# Silver solder.  What to buy?



## jgedde (Nov 23, 2012)

I just went online to buy some Easy Flo #2 and found it discontinued due to cadmium content.  What's a recommended alternative for general purpose use?

John


----------



## pdentrem (Nov 23, 2012)

Johnson-Matthey says to use Silver-Flo 55 as the replacement.

http://www.jm-metaljoining.com/onlinepdf.asp?chartid=8&id=35


----------



## jgedde (Nov 23, 2012)

I saw that too.  I am hoping for real world advice from fellow HSM's as suggestions on what they are using nowadays....

Thanks,
John


----------



## Smudgemo (Dec 2, 2012)

You didn't make mention for what, but I usually get silver/flux from Cycle Design Group (http://www.cycledesignusa.com/brazing_wire.htm) or Harris silver and Gasflux flux products from Henry James (http://www.henryjames.com/price10.pdf.)  But I'm building bicycles as a hobby, and I don't have the time or inclination to research products not already being used and proven by the pro builders.  Not the only two sources I'm aware of, but the only two I've purchased from.  Their products are cad-free, so your lungs will thank you.  Dave at Cycle Designs is especially helpful, and he has a more wide-ranging background than just building bikes.  He'd probably be a good source of information regarding what you want to do.

-Ryan


----------



## derekhogue (Dec 7, 2012)

I am no silver soldering expert, but I am interested in buying it. I am a professional electrician and it would be much better to do solder with <edited commercial link>.  It would be better if you can provide more info regarding your silver solder and even for what propose where you using there.


----------



## Tom Griffin (Dec 7, 2012)

You just need to shop elsewhere. McMaster Carr sells silver solder with and without cadmium in all different temperature ranges.

Tom


----------



## jgedde (Dec 7, 2012)

derekhogue said:


> I am no silver soldering expert, but I am interested in buying it. I am a professional electrician and it would be much better to do solder with <edited commercial link>. It would be better if you can provide more info regarding your silver solder and even for what propose where you using there.



Derek,

You really don't want silver solder for electrical work (unless we're talking about some of the no-lead silver bearing alloys).  The stuff I'm talking about is more brazing than soldering.  That said, the melting temperature is WAY too hot for a soldering iron.  
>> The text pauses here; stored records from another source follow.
Lemma dx_dy_comm Om F : open2 Om -> smooth_on Om F ->
  forall x y, Om x y -> dx (dy F) x y = dy (dx F) x y.
Proof.
  intros HO HF x y Hxy.
  assert (R0 := fun u v => smooth_on_regular_at Om F nil u v HF).
  assert (Rx := fun u v => smooth_on_regular_at Om F (true :: nil) u v HF).
  assert (Ry := fun u v => smooth_on_regular_at Om F (false :: nil) u v HF).
  destruct (smooth_on_regular_at Om F (true :: false :: nil) x y HF Hxy) as (Cxy1 & Cxy2 & _).
  destruct (smooth_on_regular_at Om F (false :: true :: nil) x y HF Hxy) as (Cyx1 & Cyx2 & _).
  unfold dx, dy; simpl; f_equal; apply Schwarz; auto;
    apply (open2_locally_2d Om HO (fun u v => _ /\ _)); auto; intros u v Huv;
    destruct (R0 u v Huv) as (_ & _ & [] & []), (Rx u v Huv) as (_ & _ & _ & []),
      (Ry u v Huv) as (_ & _ & [] & _); tauto.
Qed.

Lemma dop_dop Om a b c d F : open2 Om -> smooth_on Om F -> forall x y, Om x y ->
  dop a b (dop c d F) x y =
  (a * c * dx (dx F) x y + (a * d + b * c) * dx (dy F) x y + b * d * dy (dy F) x y)%C.
Proof.
  intros HO HF x y Hxy.
  assert (Sx := smooth_Dw Om (true :: nil) F HF).
  assert (Sy := smooth_Dw Om (false :: nil) F HF).
  unfold dop; unfold lin at 1.
  rewrite (local_linear_lin _ _ (local_linear_dx Om HO)),
    (local_linear_lin _ _ (local_linear_dy Om HO)) by auto.
  unfold lin; rewrite <- (dx_dy_comm Om F) by auto; ring.
Qed.

(* Wop = 2i d/dz and Wbop = -2i d/dzbar for z = x + iy. *)
Definition Wop : Cfun -> Cfun := dop Ci 1.
Definition Wbop : Cfun -> Cfun := dop (- Ci) 1.

Lemma Wop_Wbop_laplacian Om F : open2 Om -> smooth_on Om F -> forall x y, Om x y ->
  Wop (Wbop F) x y = (dx (dx F) x y + dy (dy F) x y)%C.
Proof.
  intros HO HF x y Hxy; unfold Wop, Wbop; rewrite (dop_dop Om) by auto.
  replace (Ci * - Ci)%C with (RtoC 1) by (apply injective_projections; simpl; ring).
  ring.
Qed.

Lemma Wbop_Wop_laplacian Om F : open2 Om -> smooth_on Om F -> forall x y, Om x y ->
  Wbop (Wop F) x y = (dx (dx F) x y + dy (dy F) x y)%C.
Proof.
  intros HO HF x y Hxy; unfold Wop, Wbop; rewrite (dop_dop Om) by auto.
  replace (- Ci * Ci)%C with (RtoC 1) by (apply injective_projections; simpl; ring).
  ring.
Qed.

Lemma dop_Wirtinger a b F x y :
  dop a b F x y = lin ((b - Ci * a) / 2) (Wop F) ((b + Ci * a) / 2) (Wbop F) x y.
Proof.
  unfold Wop, Wbop, dop, lin; destruct (dx F x y), (dy F x y), a, b.
  apply injective_projections; simpl; field.
Qed.

Definition wirt (F : Cfun) (x0 : R * R) (p q : nat) : C :=
  Nat.iter p Wop (Nat.iter q Wbop F) (fst x0) (snd x0).

Section Wirtinger.

Variable Om : R -> R -> Prop.
Hypothesis HO : open2 Om.

Lemma local_linear_Wop : local_linear Om Wop.
Proof. exact (local_linear_dop Om _ _ HO). Qed.

Lemma local_linear_Wbop : local_linear Om Wbop.
Proof. exact (local_linear_dop Om _ _ HO). Qed.

Lemma local_linear_Wop_Wbop_iter p q :
  local_linear Om (fun F => Nat.iter p Wop (Nat.iter q Wbop F)).
Proof.
  apply local_linear_comp; apply local_linear_iter;
    [exact local_linear_Wop | exact local_linear_Wbop].
Qed.

Lemma iter_Wbop_Wop_comm q F : smooth_on Om F -> forall x y, Om x y ->
  Nat.iter q Wbop (Wop F) x y = Wop (Nat.iter q Wbop F) x y.
Proof.
  intros HF; induction q as [|q IH]; intros x y Hxy; [reflexivity |].
  assert (Sq : smooth_on Om (Nat.iter q Wbop F))
    by (apply (local_linear_smooth _ _ (local_linear_iter Om Wbop q local_linear_Wbop)), HF).
  simpl; rewrite (local_linear_ext _ _ local_linear_Wbop _ (Wop (Nat.iter q Wbop F))) by auto.
  rewrite (Wbop_Wop_laplacian Om), (Wop_Wbop_laplacian Om); auto.
Qed.

Variable x0 : R * R.
Hypothesis Hx0 : Om (fst x0) (snd x0).

Lemma wirt_ext_on F G p q : (forall x y, Om x y -> F x y = G x y) ->
  wirt F x0 p q = wirt G x0 p q.
Proof. intros; apply (local_linear_ext _ _ (local_linear_Wop_Wbop_iter p q)); auto. Qed.

Lemma wirt_lin a b F G p q : smooth_on Om F -> smooth_on Om G ->
  wirt (lin a F b G) x0 p q = (a * wirt F x0 p q + b * wirt G x0 p q)%C.
Proof. intros; apply (local_linear_lin _ _ (local_linear_Wop_Wbop_iter p q)); auto. Qed.

Lemma wirt_Wop F p q : smooth_on Om F -> wirt (Wop F) x0 p q = wirt F x0 (S p) q.
Proof.
  intros HF; unfold wirt; rewrite Nat.iter_succ_r.
  apply (local_linear_ext _ _ (local_linear_iter Om Wop p local_linear_Wop)); auto.
  intros; apply iter_Wbop_Wop_comm; auto.
Qed.

Lemma wirt_Wbop F p q : wirt (Wbop F) x0 p q = wirt F x0 p (S q).
Proof. unfold wirt; rewrite Nat.iter_succ_r; reflexivity. Qed.

Lemma wirt_dop a b F p q : smooth_on Om F ->
  wirt (dop a b F) x0 p q =
  ((b - Ci * a) / 2 * wirt F x0 (S p) q + (b + Ci * a) / 2 * wirt F x0 p (S q))%C.
Proof.
  intros HF; rewrite (wirt_ext_on _ _ p q (fun x y _ => dop_Wirtinger a b F x y)).
  rewrite wirt_lin, wirt_Wop, wirt_Wbop; auto;
    apply local_linear_smooth; auto using local_linear_Wop, local_linear_Wbop.
Qed.

Lemma wirt_helmholtz lam u p q : smooth_on Om u -> helmholtz_on Om lam u ->
  wirt u x0 (S p) (S q) = (RtoC (- lam) * wirt u x0 p q)%C.
Proof.
  intros Hu Hhelm.
  rewrite <- wirt_Wbop, <- wirt_Wop by (apply local_linear_smooth; auto using local_linear_Wbop).
  rewrite (wirt_ext_on _ (lin (RtoC (- lam)) u 0 u)), wirt_lin; auto; [ring |].
  intros x y Hxy; rewrite (Wop_Wbop_laplacian Om), Hhelm by auto; unfold lin; ring.
Qed.

Lemma wirt_Dw_vanish F : smooth_on Om F -> (forall p q, wirt F x0 p q = 0) ->
  forall w p q, wirt (Dw w F) x0 p q = 0.
Proof.
  intros HF Hz w; induction w as [|b w IH]; intros p q; [apply Hz |].
  assert (Sw := smooth_Dw Om w F HF).
  rewrite (wirt_ext_on _ (if b then dop 1 0 (Dw w F) else dop 0 1 (Dw w F))).
  - destruct b; rewrite wirt_dop, !IH by auto; ring.
  - intros x y _; destruct b; cbn [Dw]; unfold dop, lin; ring.
Qed.

End Wirtinger.

(** * Directional derivatives along a segment *)

Lemma differentiable_pt_lim_partials (f : R -> R -> R) x y :
  locally_2d (fun u v => ex_derive (fun z => f z v) u) x y ->
  ex_derive (fun z => f x z) y ->
  continuity_2d_pt (fun u v => Derive (fun z => f z v) u) x y ->
  differentiable_pt_lim f x y (Derive (fun z => f z y) x) (Derive (fun z => f x z) y).
Proof.
  intros Hx Hy Hc; apply filterdiff_differentiable_pt_lim.
  eapply filterdiff_ext_lin.
  - apply (is_derive_filterdiff f x y (fun u v => Derive (fun z => f z v) u)).
    + apply (locally_2d_locally
               (fun u v => is_derive (fun z => f z v) u (Derive (fun z => f z v) u))).
      eapply locally_2d_impl; [| exact Hx]; apply locally_2d_forall.
      intros u v; apply Derive_correct.
    + apply Derive_correct, Hy.
    + apply (continuity_2d_pt_filterlim (fun u v => Derive (fun z => f z v) u)), Hc.
  - intros [a b]; reflexivity.
Qed.

Lemma is_derive_along_line (f : R -> R -> R) (x0 e : R * R) t :
  locally_2d (fun u v => ex_derive (fun z => f z v) u)
    (fst x0 + t * fst e) (snd x0 + t * snd e) ->
  ex_derive (fun z => f (fst x0 + t * fst e) z) (snd x0 + t * snd e) ->
  continuity_2d_pt (fun u v => Derive (fun z => f z v) u)
    (fst x0 + t * fst e) (snd x0 + t * snd e) ->
  is_derive (fun s => f (fst x0 + s * fst e) (snd x0 + s * snd e)) t
    (fst e * Derive (fun z => f z (snd x0 + t * snd e)) (fst x0 + t * fst e)
     + snd e * Derive (fun z => f (fst x0 + t * fst e) z) (snd x0 + t * snd e)).
Proof.
  intros Hx Hy Hc; apply is_derive_Reals.
  rewrite (Rmult_comm (fst e)), (Rmult_comm (snd e)).
  apply (derivable_pt_lim_comp_2d f);
    [ apply differentiable_pt_lim_partials; auto
    | apply is_derive_Reals; auto_derive; auto; ring
    | apply is_derive_Reals; auto_derive; auto; ring ].
Qed.

Lemma Cderive_along_line Om F (x0 e : R * R) t : open2 Om -> smooth_on Om F ->
  Om (fst x0 + t * fst e) (snd x0 + t * snd e) ->
  ex_Cderive (fun s => F (fst x0 + s * fst e) (snd x0 + s * snd e)) t /\
  Cderive (fun s => F (fst x0 + s * fst e) (snd x0 + s * snd e)) t =
    ddir e F (fst x0 + t * fst e) (snd x0 + t * snd e).
Proof.
  intros HO HF Ht.
  assert (Hreg := open2_locally_2d Om HO (regular_at F) _ _
                    (fun u v => smooth_on_regular_at Om F nil u v HF) Ht).
  destruct (smooth_on_regular_at Om F nil _ _ HF Ht) as (_ & _ & _ & [Fy1 Fy2]).
  destruct (smooth_on_regular_at Om F (true :: nil) _ _ HF Ht) as (Cx1 & Cx2 & _).
  assert (Hx1 : locally_2d (fun u v => ex_derive (fun z => fst (F z v)) u) _ _)
    by (eapply locally_2d_impl; [| exact Hreg]; apply locally_2d_forall; now intros u v (_ & _ & [] & _)).
  assert (Hx2 : locally_2d (fun u v => ex_derive (fun z => snd (F z v)) u) _ _)
    by (eapply locally_2d_impl; [| exact Hreg]; apply locally_2d_forall; now intros u v (_ & _ & [] & _)).
  assert (D1 := is_derive_along_line (fun a b => fst (F a b)) x0 e t Hx1 Fy1 Cx1).
  assert (D2 := is_derive_along_line (fun a b => snd (F a b)) x0 e t Hx2 Fy2 Cx2).
  split; [split; eexists; eassumption |].
  apply is_derive_unique in D1, D2.
  unfold Cderive; apply injective_projections; cbn [fst snd];
    [etransitivity; [exact D1 |] | etransitivity; [exact D2 |]];
    unfold ddir, dx, dy; simpl; ring.
Qed.

Lemma continuous_vanish_right (g : R -> R) h : 0 < h -> continuous g 0 ->
  (forall t, 0 < t < h -> g t = 0) -> g 0 = 0.
Proof.
  intros Hh Hc Hz.
  apply (filterlim_locally_unique (F := at_right 0) g).
  - eapply filterlim_filter_le_1; [apply filter_le_within | exact Hc].
  - apply (filterlim_ext_loc (fun _ => 0)); [| apply filterlim_const].
    apply (locally_interval _ 0 m_infty h); simpl; auto.
    intros t _ Hth Ht; symmetry; apply Hz; lra.
Qed.

Lemma ex_Cderive_vanish_right (f : R -> C) h : 0 < h -> ex_Cderive f 0 ->
  (forall t, 0 < t < h -> f t = 0) -> f 0 = 0.
Proof.
  intros Hh [D1 D2] Hz.
  apply injective_projections;
    [ apply (continuous_vanish_right (fun t => fst (f t)) h Hh (ex_derive_continuous _ _ D1))
    | apply (continuous_vanish_right (fun t => snd (f t)) h Hh (ex_derive_continuous _ _ D2)) ];
    intros t Ht; cbv beta; rewrite Hz; auto.
Qed.

Lemma local_linear_ddir Om e : open2 Om -> local_linear Om (ddir e).
Proof. exact (local_linear_dop Om (fst e) (snd e)). Qed.

Lemma iter_ddir_vanish_on_segment Om G (x0 e : R * R) h :
  open2 Om -> smooth_on Om G -> 0 < h ->
  (forall t, 0 <= t <= h -> Om (fst x0 + t * fst e) (snd x0 + t * snd e)) ->
  (forall t, 0 <= t <= h -> G (fst x0 + t * fst e) (snd x0 + t * snd e) = 0) ->
  forall j, Nat.iter j (ddir e) G (fst x0) (snd x0) = 0.
Proof.
  intros HO HG Hh Hseg Hz.
  assert (Sj : forall j, smooth_on Om (Nat.iter j (ddir e) G))
    by (intros j; apply (local_linear_iter Om _ j (local_linear_ddir Om e HO)), HG).
  assert (Hinner : forall j t, 0 < t < h ->
            Nat.iter j (ddir e) G (fst x0 + t * fst e) (snd x0 + t * snd e) = 0).
  { intros j; induction j as [|j IH]; intros t Ht; [apply Hz; lra |].
    rewrite Nat.iter_succ.
    destruct (Cderive_along_line Om _ x0 e t HO (Sj j) (Hseg t ltac:(lra))) as [_ <-].
    rewrite (Cderive_ext_loc _ (fun _ => RtoC 0)).
    - unfold Cderive; simpl; rewrite Derive_const; reflexivity.
    - apply (locally_interval _ t 0 h); simpl; try lra.
      intros s Hs0 Hsh; apply IH; lra. }
  intros j.
  replace (fst x0) with (fst x0 + 0 * fst e) by ring.
  replace (snd x0) with (snd x0 + 0 * snd e) by ring.
  apply (ex_Cderive_vanish_right
           (fun s => Nat.iter j (ddir e) G (fst x0 + s * fst e) (snd x0 + s * snd e)) h);
    auto.
  apply (Cderive_along_line Om); auto; apply Hseg; lra.
Qed.

(** * Trigonometry of the two lines *)

Lemma Cmult_eq_0_reg_l (d z : C) : d <> 0 -> (d * z)%C = 0 -> z = 0.
Proof.
  intros Hd H; replace z with (d * z / d)%C by (field; exact Hd).
  rewrite H; unfold Cdiv; ring.
Qed.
As a MIL and NASA spec solderer (here at work) I can tell you that the best stuff for electrical work is tin/lead 63%/37% solder.  Barring that, 60/40 is another decent choice.  

John


----------



## ortho (Dec 7, 2012)

jgedde, check out "Solder-It".  Silver bearing solder paste, melts at 430F, 5 times as strong as ordinary solder, bright-won't tarnish or blacken, no lead, no cad, no antimony, conforms to pure food laws, leaps tall buildings with running start. )  Hope this helps.
---ortho


----------